▸ **DATA EXTRACTS**
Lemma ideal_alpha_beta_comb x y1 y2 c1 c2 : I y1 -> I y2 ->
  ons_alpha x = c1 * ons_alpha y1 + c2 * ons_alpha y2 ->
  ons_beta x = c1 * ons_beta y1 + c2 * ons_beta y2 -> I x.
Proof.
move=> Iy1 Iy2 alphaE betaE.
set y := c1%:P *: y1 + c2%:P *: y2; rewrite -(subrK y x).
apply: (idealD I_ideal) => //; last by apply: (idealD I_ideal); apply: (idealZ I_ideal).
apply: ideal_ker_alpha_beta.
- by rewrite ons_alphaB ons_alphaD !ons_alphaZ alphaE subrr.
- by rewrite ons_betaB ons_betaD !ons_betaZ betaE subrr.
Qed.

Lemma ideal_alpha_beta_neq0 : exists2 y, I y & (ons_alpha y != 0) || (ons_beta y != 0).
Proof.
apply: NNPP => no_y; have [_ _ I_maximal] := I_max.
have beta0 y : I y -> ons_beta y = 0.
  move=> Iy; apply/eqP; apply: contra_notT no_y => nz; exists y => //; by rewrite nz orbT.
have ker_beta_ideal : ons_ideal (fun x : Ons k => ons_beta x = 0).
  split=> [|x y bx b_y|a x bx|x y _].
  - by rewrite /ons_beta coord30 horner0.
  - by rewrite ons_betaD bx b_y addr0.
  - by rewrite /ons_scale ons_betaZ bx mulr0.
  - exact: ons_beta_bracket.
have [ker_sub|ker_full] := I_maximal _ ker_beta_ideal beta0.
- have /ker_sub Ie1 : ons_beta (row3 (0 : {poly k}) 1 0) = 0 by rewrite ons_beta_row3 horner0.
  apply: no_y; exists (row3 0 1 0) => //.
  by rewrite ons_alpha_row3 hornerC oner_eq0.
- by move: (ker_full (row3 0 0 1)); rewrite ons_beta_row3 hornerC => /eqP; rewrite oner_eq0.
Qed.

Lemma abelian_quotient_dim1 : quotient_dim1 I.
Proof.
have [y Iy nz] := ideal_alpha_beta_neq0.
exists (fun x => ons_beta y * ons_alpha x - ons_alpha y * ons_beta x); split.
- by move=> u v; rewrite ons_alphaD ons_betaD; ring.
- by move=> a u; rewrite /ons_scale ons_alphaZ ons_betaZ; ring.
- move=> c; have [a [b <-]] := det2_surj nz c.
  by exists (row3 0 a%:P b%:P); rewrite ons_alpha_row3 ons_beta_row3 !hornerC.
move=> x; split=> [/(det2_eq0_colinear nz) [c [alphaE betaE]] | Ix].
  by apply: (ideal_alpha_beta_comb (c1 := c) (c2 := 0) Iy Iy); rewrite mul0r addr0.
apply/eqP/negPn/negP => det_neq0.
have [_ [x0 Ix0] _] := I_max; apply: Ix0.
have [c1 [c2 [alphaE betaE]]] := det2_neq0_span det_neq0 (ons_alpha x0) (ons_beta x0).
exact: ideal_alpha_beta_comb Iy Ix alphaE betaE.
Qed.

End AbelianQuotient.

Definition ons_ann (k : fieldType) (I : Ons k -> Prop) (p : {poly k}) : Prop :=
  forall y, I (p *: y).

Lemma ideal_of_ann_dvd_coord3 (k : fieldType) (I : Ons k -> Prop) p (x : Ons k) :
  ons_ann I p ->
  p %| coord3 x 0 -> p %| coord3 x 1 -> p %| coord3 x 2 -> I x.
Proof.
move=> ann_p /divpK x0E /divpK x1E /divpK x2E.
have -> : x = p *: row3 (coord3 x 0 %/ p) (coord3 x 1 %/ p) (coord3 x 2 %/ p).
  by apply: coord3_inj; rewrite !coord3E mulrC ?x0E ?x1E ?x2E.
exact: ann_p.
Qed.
...
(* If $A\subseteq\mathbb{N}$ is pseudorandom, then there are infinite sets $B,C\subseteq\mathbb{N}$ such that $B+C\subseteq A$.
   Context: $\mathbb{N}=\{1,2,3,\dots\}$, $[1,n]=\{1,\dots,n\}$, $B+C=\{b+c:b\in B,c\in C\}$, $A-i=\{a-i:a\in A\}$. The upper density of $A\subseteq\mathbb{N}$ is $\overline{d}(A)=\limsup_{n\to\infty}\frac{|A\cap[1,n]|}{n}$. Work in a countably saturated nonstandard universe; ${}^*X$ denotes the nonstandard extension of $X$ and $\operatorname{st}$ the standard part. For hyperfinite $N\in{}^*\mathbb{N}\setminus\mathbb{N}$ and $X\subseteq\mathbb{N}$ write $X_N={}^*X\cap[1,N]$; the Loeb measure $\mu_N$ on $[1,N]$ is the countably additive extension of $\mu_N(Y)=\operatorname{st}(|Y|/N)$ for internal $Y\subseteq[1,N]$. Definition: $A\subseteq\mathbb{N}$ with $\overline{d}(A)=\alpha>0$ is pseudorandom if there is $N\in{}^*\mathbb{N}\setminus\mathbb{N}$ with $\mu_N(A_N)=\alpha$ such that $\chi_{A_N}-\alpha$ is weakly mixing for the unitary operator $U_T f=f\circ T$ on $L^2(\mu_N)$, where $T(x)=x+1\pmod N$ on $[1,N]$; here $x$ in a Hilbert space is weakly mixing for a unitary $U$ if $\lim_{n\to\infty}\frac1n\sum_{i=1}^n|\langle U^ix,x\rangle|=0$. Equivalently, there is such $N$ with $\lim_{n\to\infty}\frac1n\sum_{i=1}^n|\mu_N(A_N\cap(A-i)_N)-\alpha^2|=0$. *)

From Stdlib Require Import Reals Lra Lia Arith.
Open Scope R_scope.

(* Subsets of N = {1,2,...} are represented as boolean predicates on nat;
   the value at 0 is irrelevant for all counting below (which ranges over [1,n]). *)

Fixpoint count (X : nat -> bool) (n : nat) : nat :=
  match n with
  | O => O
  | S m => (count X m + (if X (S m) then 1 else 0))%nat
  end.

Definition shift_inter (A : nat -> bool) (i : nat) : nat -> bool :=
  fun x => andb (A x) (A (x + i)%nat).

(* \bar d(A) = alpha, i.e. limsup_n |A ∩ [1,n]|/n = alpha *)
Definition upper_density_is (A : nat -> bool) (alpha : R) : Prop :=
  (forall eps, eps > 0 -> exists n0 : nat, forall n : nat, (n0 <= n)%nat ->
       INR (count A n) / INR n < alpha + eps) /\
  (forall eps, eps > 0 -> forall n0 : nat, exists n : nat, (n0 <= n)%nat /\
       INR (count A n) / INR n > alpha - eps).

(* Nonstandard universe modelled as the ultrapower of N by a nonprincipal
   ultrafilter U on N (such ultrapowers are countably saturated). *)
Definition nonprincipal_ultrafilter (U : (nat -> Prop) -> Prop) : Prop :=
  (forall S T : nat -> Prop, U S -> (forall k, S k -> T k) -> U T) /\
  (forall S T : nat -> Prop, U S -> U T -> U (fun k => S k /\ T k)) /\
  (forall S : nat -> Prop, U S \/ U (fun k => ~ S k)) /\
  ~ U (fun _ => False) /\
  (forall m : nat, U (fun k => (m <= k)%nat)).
==
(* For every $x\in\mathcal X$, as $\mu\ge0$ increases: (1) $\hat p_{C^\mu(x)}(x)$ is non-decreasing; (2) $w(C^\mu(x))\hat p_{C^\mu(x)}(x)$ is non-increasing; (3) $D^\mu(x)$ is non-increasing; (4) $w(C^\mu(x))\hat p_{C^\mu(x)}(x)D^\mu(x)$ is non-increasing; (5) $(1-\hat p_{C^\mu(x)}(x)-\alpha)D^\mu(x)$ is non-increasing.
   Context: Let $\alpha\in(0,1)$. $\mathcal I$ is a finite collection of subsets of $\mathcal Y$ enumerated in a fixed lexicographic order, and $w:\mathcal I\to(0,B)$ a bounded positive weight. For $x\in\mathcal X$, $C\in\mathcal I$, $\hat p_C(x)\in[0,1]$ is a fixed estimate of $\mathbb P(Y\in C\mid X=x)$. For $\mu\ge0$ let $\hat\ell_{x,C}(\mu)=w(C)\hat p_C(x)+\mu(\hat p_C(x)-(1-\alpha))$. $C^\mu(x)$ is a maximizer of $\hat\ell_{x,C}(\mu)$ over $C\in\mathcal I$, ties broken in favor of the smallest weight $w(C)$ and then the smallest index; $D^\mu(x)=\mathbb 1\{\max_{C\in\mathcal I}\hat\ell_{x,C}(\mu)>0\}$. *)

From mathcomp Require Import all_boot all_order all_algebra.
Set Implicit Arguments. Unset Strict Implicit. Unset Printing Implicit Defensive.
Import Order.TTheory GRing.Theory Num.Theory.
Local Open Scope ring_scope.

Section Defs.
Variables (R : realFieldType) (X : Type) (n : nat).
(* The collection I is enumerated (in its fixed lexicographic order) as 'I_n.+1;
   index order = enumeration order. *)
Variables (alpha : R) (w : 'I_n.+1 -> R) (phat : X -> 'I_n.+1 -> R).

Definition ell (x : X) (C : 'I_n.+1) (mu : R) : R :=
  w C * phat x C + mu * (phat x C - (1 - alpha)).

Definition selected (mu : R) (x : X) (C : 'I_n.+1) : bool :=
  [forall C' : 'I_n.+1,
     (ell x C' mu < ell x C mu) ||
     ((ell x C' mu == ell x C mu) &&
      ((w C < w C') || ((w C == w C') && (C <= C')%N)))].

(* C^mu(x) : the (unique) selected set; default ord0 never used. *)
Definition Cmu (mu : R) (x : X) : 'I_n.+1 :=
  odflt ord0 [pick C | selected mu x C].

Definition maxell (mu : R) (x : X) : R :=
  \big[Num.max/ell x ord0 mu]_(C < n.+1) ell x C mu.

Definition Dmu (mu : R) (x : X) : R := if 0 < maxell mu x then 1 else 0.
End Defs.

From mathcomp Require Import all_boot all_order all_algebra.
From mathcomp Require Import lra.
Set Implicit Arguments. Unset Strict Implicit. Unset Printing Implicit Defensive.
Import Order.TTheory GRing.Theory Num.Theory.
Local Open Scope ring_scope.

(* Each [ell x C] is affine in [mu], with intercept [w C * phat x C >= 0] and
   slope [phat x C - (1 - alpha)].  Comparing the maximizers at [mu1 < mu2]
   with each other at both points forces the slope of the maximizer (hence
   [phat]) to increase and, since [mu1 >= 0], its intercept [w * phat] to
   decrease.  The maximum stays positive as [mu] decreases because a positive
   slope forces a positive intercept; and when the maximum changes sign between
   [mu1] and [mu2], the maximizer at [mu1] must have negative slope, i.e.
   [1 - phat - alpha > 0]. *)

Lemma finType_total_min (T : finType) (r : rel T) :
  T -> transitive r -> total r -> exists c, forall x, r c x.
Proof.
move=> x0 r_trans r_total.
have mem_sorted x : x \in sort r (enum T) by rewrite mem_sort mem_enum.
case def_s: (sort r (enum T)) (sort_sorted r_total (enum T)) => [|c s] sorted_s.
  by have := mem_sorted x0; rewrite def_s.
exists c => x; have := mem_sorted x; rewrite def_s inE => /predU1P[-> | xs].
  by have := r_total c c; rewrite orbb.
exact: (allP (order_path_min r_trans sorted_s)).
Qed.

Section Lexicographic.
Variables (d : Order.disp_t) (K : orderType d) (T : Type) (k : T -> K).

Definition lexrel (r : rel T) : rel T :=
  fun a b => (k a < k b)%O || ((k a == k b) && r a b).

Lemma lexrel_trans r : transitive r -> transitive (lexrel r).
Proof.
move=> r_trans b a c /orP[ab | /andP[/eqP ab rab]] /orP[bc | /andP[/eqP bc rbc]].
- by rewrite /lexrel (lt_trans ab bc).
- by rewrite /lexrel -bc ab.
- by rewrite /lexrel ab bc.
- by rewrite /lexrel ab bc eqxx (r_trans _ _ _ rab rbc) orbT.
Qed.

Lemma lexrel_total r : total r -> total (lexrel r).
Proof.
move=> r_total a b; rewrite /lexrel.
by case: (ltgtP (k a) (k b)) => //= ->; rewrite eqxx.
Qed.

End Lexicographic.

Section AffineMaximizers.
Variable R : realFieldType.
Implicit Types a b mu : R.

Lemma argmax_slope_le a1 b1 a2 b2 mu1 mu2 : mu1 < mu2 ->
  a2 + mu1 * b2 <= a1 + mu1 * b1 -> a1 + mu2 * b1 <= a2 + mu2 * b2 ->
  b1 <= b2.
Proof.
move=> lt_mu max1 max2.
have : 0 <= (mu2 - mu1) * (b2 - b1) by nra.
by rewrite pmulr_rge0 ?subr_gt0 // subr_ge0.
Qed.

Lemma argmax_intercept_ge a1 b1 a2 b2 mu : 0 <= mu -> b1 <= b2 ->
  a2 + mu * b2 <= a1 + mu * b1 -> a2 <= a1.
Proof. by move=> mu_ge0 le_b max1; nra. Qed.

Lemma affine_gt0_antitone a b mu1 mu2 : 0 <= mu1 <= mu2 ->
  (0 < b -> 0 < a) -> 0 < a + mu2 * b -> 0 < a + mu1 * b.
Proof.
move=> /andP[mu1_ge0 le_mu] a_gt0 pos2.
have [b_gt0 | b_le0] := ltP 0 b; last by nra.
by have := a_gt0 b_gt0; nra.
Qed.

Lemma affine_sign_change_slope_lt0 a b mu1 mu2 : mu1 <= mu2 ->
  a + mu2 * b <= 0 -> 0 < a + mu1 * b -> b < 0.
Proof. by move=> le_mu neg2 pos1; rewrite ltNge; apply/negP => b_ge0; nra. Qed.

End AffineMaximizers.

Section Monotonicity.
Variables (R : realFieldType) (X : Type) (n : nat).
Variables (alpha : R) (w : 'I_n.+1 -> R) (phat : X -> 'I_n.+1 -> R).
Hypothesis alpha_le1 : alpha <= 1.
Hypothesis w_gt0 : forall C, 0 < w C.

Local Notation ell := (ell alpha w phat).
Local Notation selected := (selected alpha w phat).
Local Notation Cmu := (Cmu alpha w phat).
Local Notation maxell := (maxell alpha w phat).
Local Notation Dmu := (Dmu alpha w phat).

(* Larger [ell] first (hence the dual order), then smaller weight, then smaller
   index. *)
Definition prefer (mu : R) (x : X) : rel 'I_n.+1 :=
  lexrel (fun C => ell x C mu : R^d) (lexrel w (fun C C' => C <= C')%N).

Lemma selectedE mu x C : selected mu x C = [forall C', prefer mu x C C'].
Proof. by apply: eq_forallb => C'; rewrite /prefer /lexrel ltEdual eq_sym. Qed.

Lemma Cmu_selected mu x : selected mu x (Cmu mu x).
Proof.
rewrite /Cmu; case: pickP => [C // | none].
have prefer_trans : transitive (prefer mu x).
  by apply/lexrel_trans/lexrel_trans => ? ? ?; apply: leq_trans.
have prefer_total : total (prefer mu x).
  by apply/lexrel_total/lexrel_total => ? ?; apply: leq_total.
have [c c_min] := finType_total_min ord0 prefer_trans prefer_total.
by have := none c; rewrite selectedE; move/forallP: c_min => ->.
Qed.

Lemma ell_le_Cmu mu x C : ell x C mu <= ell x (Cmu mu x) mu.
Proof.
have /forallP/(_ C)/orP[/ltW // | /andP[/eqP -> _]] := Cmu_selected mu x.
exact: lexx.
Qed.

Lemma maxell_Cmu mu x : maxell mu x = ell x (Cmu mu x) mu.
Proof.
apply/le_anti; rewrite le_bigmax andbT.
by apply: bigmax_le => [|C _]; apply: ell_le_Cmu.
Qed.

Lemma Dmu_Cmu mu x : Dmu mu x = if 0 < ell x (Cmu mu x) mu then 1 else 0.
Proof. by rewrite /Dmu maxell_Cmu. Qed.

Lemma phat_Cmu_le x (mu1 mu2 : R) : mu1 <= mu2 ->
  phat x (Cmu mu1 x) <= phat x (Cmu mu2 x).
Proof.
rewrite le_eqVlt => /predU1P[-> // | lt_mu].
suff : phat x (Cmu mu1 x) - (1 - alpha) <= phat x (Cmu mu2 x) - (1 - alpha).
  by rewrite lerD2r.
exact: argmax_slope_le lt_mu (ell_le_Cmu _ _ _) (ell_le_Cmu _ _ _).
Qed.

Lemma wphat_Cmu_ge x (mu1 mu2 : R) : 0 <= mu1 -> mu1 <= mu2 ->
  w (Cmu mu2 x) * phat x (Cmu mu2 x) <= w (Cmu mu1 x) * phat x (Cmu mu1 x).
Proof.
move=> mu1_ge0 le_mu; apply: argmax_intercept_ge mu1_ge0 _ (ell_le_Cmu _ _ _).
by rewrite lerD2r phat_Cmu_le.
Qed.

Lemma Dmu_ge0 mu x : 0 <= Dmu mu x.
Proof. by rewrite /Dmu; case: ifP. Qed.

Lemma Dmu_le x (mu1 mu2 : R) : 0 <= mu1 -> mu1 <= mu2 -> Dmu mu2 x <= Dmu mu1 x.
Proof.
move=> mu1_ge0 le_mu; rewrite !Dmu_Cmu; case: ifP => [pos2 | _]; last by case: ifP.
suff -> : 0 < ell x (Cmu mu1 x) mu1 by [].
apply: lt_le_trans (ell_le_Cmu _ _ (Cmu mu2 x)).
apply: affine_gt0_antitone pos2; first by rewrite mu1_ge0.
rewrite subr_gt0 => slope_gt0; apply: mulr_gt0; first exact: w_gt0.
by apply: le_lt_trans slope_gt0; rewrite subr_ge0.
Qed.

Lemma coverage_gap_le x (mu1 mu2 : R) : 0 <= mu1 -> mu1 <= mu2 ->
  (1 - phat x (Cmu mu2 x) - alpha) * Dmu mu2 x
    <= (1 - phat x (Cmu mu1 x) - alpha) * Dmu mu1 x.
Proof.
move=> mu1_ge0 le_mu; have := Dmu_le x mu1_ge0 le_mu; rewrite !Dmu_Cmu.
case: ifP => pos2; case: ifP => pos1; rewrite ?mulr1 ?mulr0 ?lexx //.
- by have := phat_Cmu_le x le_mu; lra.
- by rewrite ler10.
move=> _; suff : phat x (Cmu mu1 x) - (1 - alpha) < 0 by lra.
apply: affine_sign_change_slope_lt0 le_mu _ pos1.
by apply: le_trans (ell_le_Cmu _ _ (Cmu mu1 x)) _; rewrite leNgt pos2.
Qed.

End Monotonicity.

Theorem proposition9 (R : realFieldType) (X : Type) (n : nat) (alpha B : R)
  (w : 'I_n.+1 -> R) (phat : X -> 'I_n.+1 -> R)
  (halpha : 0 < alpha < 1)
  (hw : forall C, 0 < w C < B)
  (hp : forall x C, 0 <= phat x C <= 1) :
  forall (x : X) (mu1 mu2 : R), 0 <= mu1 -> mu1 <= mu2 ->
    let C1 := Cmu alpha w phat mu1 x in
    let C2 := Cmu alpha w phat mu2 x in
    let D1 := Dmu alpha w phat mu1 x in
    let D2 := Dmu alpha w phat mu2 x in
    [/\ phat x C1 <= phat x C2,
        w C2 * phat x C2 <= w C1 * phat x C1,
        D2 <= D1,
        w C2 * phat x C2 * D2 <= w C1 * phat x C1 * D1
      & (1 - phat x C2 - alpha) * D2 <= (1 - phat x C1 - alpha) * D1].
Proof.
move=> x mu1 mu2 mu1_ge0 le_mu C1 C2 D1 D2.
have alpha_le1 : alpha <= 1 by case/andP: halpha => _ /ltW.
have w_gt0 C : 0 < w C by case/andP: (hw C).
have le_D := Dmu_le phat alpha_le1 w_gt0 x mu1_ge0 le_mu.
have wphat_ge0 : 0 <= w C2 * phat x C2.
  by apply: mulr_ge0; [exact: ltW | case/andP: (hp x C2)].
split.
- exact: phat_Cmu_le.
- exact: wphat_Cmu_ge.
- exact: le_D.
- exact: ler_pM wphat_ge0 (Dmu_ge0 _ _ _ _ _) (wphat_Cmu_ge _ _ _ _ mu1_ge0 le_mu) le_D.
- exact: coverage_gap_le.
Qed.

▸ **ACTIVITY**
Copy out only the lines of the records above from the one with "Lemma ideal_alpha_beta_comb x" through the one with "move=> x; split=>", exactly as they stand, both included.

▸ **TASK ANSWER**
Lemma ideal_alpha_beta_comb x y1 y2 c1 c2 : I y1 -> I y2 ->
  ons_alpha x = c1 * ons_alpha y1 + c2 * ons_alpha y2 ->
  ons_beta x = c1 * ons_beta y1 + c2 * ons_beta y2 -> I x.
Proof.
move=> Iy1 Iy2 alphaE betaE.
set y := c1%:P *: y1 + c2%:P *: y2; rewrite -(subrK y x).
apply: (idealD I_ideal) => //; last by apply: (idealD I_ideal); apply: (idealZ I_ideal).
apply: ideal_ker_alpha_beta.
- by rewrite ons_alphaB ons_alphaD !ons_alphaZ alphaE subrr.
- by rewrite ons_betaB ons_betaD !ons_betaZ betaE subrr.
Qed.

Lemma ideal_alpha_beta_neq0 : exists2 y, I y & (ons_alpha y != 0) || (ons_beta y != 0).
Proof.
apply: NNPP => no_y; have [_ _ I_maximal] := I_max.
have beta0 y : I y -> ons_beta y = 0.
  move=> Iy; apply/eqP; apply: contra_notT no_y => nz; exists y => //; by rewrite nz orbT.
have ker_beta_ideal : ons_ideal (fun x : Ons k => ons_beta x = 0).
  split=> [|x y bx b_y|a x bx|x y _].
  - by rewrite /ons_beta coord30 horner0.
  - by rewrite ons_betaD bx b_y addr0.
  - by rewrite /ons_scale ons_betaZ bx mulr0.
  - exact: ons_beta_bracket.
have [ker_sub|ker_full] := I_maximal _ ker_beta_ideal beta0.
- have /ker_sub Ie1 : ons_beta (row3 (0 : {poly k}) 1 0) = 0 by rewrite ons_beta_row3 horner0.
  apply: no_y; exists (row3 0 1 0) => //.
  by rewrite ons_alpha_row3 hornerC oner_eq0.
- by move: (ker_full (row3 0 0 1)); rewrite ons_beta_row3 hornerC => /eqP; rewrite oner_eq0.
Qed.

Lemma abelian_quotient_dim1 : quotient_dim1 I.
Proof.
have [y Iy nz] := ideal_alpha_beta_neq0.
exists (fun x => ons_beta y * ons_alpha x - ons_alpha y * ons_beta x); split.
- by move=> u v; rewrite ons_alphaD ons_betaD; ring.
- by move=> a u; rewrite /ons_scale ons_alphaZ ons_betaZ; ring.
- move=> c; have [a [b <-]] := det2_surj nz c.
  by exists (row3 0 a%:P b%:P); rewrite ons_alpha_row3 ons_beta_row3 !hornerC.
move=> x; split=> [/(det2_eq0_colinear nz) [c [alphaE betaE]] | Ix].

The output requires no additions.